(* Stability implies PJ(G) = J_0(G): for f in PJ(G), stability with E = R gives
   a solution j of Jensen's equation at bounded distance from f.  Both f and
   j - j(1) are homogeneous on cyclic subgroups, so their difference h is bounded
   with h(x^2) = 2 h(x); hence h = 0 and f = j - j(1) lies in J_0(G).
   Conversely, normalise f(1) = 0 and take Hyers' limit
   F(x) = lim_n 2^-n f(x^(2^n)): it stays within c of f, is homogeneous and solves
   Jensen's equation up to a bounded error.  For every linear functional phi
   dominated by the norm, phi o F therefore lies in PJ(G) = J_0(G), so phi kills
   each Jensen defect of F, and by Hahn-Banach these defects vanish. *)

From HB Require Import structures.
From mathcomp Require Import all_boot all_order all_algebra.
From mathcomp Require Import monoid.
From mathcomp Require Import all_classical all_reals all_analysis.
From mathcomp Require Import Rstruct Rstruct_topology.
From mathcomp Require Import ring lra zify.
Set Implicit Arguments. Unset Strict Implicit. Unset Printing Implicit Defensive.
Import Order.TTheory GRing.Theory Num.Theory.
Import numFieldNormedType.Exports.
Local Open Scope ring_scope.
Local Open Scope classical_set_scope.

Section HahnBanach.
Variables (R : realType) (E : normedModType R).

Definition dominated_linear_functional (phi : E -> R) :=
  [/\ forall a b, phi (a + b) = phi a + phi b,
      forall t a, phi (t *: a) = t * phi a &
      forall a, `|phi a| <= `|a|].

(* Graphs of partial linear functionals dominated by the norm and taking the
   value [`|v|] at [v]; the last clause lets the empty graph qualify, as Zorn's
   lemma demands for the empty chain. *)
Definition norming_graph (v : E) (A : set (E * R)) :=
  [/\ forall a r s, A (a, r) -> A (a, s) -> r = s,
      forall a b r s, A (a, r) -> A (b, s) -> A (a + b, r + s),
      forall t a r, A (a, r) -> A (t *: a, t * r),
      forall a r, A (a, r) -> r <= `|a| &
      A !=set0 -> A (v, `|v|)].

:::

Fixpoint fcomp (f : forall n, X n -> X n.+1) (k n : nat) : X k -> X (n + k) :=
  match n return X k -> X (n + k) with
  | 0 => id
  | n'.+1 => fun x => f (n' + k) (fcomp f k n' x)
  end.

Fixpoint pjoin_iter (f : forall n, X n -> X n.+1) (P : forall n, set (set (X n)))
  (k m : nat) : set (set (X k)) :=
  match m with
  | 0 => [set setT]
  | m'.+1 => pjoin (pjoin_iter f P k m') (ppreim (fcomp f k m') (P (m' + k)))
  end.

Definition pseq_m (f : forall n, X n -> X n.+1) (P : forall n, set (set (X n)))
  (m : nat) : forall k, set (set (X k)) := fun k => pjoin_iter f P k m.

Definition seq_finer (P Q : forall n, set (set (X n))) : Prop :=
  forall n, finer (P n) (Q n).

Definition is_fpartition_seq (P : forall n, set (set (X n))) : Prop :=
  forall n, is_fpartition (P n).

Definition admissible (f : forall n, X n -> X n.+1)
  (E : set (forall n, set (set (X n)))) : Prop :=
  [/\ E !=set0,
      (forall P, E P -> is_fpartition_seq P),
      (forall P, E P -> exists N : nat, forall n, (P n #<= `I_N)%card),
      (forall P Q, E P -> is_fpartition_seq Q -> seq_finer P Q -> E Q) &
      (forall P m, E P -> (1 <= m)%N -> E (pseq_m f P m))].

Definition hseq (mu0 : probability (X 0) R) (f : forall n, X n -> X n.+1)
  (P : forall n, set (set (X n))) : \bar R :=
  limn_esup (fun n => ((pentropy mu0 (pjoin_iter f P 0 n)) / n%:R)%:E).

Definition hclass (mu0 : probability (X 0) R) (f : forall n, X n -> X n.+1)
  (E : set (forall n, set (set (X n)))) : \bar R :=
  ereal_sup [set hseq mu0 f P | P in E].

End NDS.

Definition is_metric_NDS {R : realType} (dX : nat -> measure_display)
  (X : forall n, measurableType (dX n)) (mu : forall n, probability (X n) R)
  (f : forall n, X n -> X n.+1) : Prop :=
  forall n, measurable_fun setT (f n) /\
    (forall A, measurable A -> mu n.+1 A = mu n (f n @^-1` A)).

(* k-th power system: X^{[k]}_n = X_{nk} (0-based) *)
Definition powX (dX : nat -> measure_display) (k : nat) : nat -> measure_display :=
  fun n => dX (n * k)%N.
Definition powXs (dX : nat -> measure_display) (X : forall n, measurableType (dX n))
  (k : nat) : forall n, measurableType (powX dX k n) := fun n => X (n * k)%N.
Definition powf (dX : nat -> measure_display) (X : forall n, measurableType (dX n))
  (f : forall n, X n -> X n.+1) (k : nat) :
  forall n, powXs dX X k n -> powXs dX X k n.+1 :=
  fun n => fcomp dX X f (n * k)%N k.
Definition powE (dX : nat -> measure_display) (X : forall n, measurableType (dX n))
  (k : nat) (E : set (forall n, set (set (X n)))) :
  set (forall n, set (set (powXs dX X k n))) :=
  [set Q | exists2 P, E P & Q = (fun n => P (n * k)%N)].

:::

REQUIREMENT - Only the lines above starting at the line that holds "(* k-th power" and ending at the line that holds "(k : nat) : forall" are to be repeated, exactly and in full.

TASK OUTPUT -
(* k-th power system: X^{[k]}_n = X_{nk} (0-based) *)
Definition powX (dX : nat -> measure_display) (k : nat) : nat -> measure_display :=
  fun n => dX (n * k)%N.
Definition powXs (dX : nat -> measure_display) (X : forall n, measurableType (dX n))
  (k : nat) : forall n, measurableType (powX dX k n) := fun n => X (n * k)%N.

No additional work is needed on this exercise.